**WHAT THIS TASK INVOLVES**
Using the entries that follow, write out the line containing "exists (dh z); apply Hd; lra.", the line containing "- intros z Hz.", and every line between them, exactly and nothing else.

**DATASET EXTRACT**
━━━

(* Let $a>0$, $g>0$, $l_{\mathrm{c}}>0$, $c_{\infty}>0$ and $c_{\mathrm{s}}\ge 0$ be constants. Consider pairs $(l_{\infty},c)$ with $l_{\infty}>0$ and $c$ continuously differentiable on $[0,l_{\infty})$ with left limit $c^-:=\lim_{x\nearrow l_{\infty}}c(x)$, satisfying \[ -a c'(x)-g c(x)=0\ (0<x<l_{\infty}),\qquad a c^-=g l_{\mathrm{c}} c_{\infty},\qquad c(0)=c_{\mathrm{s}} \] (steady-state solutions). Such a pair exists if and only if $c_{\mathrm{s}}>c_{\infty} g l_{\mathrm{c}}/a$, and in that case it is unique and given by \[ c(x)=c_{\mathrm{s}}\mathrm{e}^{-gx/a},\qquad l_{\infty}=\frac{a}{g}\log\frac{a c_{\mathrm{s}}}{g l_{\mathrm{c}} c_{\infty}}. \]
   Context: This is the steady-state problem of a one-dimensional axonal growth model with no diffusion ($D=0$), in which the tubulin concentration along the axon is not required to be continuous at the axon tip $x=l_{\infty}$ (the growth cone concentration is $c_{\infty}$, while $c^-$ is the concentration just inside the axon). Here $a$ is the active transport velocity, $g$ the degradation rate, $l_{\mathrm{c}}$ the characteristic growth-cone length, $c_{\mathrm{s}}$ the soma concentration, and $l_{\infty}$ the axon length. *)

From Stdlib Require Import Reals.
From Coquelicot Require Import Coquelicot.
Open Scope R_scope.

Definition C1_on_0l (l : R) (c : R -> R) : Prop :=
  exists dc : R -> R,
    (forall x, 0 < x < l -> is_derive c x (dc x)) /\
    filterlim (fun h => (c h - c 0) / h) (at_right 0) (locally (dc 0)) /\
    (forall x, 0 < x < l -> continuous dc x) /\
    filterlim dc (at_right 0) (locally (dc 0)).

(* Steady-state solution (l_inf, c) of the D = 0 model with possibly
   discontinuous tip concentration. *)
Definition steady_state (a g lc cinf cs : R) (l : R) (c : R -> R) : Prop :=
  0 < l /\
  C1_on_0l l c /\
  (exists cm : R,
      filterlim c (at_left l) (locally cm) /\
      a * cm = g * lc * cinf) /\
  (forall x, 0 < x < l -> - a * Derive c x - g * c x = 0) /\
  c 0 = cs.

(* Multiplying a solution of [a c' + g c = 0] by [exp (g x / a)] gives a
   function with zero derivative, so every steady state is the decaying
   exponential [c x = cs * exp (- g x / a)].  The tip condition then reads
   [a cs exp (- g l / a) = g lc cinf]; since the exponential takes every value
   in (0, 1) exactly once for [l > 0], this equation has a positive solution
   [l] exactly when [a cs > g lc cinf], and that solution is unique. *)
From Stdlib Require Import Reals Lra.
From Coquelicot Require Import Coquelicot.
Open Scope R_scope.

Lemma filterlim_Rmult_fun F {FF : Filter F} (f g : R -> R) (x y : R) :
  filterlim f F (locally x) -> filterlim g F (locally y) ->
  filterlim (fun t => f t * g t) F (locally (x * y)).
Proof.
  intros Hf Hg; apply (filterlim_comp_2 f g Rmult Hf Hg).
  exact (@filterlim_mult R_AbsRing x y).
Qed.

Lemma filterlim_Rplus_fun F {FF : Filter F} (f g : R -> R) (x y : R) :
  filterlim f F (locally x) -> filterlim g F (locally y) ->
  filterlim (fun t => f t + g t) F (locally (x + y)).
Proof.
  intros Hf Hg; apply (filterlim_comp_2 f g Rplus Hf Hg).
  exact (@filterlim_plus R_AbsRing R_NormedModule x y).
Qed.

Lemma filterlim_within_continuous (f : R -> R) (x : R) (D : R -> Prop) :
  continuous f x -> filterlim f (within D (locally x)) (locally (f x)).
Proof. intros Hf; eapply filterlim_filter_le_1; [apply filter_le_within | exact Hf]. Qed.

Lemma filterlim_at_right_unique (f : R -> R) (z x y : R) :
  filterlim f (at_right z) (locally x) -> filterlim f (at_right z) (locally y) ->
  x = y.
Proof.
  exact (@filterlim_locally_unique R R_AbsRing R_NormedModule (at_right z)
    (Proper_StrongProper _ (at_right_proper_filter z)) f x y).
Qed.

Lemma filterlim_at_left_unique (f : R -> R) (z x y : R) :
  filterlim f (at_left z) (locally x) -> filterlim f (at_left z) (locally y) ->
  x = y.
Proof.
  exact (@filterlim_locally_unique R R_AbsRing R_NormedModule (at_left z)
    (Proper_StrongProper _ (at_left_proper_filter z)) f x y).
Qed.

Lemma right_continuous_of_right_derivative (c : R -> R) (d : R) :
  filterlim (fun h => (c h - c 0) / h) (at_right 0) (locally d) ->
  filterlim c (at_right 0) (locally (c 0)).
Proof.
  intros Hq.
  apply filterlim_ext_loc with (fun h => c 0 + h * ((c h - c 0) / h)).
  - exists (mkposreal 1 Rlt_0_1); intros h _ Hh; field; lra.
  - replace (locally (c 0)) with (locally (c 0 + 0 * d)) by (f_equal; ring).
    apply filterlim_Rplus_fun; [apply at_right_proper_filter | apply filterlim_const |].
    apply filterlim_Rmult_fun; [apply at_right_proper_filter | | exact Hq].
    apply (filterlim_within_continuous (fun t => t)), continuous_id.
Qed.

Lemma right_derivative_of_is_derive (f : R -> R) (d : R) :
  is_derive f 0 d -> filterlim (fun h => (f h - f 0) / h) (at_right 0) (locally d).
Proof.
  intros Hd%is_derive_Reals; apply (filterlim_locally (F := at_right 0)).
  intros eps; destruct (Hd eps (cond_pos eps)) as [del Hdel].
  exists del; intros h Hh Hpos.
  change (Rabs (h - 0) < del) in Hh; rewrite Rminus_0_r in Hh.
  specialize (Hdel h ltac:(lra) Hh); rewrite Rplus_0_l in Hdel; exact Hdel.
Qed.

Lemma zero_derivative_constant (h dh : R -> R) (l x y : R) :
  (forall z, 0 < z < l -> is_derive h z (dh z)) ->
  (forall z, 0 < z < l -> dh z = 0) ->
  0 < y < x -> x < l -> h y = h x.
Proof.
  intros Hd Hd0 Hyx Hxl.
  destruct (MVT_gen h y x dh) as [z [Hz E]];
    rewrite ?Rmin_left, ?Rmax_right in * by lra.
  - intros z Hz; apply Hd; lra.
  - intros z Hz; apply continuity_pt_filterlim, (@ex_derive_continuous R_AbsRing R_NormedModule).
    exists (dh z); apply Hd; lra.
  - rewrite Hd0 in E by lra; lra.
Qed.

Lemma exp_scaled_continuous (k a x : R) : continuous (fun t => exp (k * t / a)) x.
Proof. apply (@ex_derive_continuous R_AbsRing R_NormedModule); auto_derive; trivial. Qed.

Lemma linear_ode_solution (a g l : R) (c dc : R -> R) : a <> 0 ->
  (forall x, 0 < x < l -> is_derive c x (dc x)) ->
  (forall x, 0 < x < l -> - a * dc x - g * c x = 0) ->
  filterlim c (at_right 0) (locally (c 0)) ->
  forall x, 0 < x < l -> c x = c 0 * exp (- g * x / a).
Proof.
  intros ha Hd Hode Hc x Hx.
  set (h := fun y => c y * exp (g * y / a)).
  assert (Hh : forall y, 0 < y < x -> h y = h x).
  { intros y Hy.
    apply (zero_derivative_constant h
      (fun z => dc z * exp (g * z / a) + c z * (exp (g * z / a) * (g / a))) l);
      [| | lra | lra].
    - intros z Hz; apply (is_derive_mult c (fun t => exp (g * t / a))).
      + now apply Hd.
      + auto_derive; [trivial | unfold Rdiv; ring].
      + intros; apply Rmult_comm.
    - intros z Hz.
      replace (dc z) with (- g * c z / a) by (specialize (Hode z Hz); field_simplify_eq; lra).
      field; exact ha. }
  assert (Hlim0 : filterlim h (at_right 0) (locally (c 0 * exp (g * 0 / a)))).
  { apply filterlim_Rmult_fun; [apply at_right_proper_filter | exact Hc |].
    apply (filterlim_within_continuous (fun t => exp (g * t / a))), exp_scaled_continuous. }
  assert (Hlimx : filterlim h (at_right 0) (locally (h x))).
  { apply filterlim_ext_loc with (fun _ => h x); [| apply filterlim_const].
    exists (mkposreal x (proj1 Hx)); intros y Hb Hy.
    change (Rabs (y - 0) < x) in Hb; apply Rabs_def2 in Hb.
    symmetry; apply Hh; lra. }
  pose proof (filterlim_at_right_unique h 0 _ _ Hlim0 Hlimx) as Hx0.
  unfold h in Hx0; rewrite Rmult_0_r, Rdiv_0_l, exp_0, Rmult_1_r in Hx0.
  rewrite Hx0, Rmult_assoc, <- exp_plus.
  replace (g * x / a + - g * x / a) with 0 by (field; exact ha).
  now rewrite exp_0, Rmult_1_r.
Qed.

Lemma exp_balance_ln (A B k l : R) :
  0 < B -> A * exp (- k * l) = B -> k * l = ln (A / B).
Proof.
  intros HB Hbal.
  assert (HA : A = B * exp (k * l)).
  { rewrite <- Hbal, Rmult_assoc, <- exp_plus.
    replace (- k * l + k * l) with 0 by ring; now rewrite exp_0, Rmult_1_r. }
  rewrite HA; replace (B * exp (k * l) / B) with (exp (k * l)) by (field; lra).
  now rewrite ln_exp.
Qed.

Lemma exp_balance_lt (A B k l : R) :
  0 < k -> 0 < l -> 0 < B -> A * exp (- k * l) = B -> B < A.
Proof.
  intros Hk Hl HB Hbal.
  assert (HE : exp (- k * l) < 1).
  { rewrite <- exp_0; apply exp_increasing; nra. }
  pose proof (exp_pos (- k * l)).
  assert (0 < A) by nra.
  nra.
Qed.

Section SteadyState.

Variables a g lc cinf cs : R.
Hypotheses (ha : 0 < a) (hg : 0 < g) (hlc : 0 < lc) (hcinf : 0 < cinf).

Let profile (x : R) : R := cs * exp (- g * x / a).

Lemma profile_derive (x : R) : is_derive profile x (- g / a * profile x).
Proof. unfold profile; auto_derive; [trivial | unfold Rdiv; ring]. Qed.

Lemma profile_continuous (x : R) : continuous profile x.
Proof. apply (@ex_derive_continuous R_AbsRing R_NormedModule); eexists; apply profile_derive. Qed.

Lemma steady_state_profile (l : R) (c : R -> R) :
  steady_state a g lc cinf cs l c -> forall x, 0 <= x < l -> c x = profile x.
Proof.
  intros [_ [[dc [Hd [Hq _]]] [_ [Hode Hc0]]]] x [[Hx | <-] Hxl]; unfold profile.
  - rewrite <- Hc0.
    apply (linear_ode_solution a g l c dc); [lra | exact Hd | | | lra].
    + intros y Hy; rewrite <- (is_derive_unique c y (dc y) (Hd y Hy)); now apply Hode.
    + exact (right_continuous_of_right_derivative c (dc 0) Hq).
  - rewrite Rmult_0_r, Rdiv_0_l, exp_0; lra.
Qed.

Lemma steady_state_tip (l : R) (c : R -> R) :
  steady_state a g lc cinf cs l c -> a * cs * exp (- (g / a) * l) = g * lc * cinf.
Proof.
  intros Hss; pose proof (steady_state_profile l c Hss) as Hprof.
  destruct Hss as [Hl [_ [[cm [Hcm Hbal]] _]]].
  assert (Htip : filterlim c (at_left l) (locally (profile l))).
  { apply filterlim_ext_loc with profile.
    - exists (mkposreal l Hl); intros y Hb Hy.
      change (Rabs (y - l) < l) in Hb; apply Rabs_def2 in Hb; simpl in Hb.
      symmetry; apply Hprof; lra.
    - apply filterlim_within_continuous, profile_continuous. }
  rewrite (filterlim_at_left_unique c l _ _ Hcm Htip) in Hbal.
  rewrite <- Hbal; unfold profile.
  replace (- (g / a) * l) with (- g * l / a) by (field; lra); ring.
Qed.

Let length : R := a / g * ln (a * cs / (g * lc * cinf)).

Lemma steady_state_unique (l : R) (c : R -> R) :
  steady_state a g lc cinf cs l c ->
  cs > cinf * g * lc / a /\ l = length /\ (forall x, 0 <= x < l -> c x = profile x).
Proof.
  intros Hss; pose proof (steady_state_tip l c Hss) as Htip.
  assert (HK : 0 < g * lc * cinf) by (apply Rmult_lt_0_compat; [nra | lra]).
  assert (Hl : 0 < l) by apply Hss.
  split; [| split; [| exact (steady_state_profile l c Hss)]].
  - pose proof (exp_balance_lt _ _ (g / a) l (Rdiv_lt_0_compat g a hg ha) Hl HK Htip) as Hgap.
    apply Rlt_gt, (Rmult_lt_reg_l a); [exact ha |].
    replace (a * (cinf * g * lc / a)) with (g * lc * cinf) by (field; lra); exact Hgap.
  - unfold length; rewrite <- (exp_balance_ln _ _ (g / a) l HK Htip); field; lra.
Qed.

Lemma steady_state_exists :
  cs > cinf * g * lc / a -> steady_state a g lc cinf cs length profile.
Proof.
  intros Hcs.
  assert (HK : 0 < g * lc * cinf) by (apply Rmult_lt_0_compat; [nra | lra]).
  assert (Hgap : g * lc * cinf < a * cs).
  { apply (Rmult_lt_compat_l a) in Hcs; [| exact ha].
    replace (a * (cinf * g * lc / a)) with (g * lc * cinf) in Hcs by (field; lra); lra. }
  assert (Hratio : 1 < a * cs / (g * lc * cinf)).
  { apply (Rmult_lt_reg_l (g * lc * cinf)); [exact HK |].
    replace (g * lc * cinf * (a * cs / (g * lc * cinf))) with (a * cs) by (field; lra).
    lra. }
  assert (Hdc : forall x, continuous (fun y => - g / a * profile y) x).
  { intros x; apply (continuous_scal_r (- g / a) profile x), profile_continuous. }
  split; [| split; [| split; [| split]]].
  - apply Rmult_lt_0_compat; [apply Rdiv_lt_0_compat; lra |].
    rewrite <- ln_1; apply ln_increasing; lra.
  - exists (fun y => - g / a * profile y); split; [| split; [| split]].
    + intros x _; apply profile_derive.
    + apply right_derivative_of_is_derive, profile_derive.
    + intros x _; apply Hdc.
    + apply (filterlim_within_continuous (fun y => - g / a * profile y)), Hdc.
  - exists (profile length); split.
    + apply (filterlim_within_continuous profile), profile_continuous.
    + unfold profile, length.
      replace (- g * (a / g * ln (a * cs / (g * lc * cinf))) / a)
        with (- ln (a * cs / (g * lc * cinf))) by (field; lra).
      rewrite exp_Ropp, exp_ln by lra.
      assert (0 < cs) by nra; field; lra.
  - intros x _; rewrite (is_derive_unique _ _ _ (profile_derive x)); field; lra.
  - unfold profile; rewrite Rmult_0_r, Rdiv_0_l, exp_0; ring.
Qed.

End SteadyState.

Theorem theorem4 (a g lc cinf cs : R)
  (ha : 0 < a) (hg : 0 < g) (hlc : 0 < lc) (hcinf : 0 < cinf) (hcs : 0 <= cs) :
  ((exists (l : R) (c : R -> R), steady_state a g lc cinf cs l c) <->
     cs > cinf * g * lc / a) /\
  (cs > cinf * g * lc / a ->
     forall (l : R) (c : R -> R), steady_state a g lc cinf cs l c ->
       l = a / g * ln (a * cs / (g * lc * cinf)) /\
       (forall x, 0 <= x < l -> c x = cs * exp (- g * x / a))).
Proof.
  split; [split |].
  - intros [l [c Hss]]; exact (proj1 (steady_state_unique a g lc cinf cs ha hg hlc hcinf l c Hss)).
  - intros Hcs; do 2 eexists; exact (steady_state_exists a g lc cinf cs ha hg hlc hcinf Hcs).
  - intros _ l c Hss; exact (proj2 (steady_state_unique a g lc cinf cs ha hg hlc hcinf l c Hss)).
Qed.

━━━

**WRITTEN ANSWER**
    exists (dh z); apply Hd; lra.
  - rewrite Hd0 in E by lra; lra.
Qed.

Lemma exp_scaled_continuous (k a x : R) : continuous (fun t => exp (k * t / a)) x.
Proof. apply (@ex_derive_continuous R_AbsRing R_NormedModule); auto_derive; trivial. Qed.

Lemma linear_ode_solution (a g l : R) (c dc : R -> R) : a <> 0 ->
  (forall x, 0 < x < l -> is_derive c x (dc x)) ->
  (forall x, 0 < x < l -> - a * dc x - g * c x = 0) ->
  filterlim c (at_right 0) (locally (c 0)) ->
  forall x, 0 < x < l -> c x = c 0 * exp (- g * x / a).
Proof.
  intros ha Hd Hode Hc x Hx.
  set (h := fun y => c y * exp (g * y / a)).
  assert (Hh : forall y, 0 < y < x -> h y = h x).
  { intros y Hy.
    apply (zero_derivative_constant h
      (fun z => dc z * exp (g * z / a) + c z * (exp (g * z / a) * (g / a))) l);
      [| | lra | lra].
    - intros z Hz; apply (is_derive_mult c (fun t => exp (g * t / a))).
      + now apply Hd.
      + auto_derive; [trivial | unfold Rdiv; ring].
      + intros; apply Rmult_comm.
    - intros z Hz.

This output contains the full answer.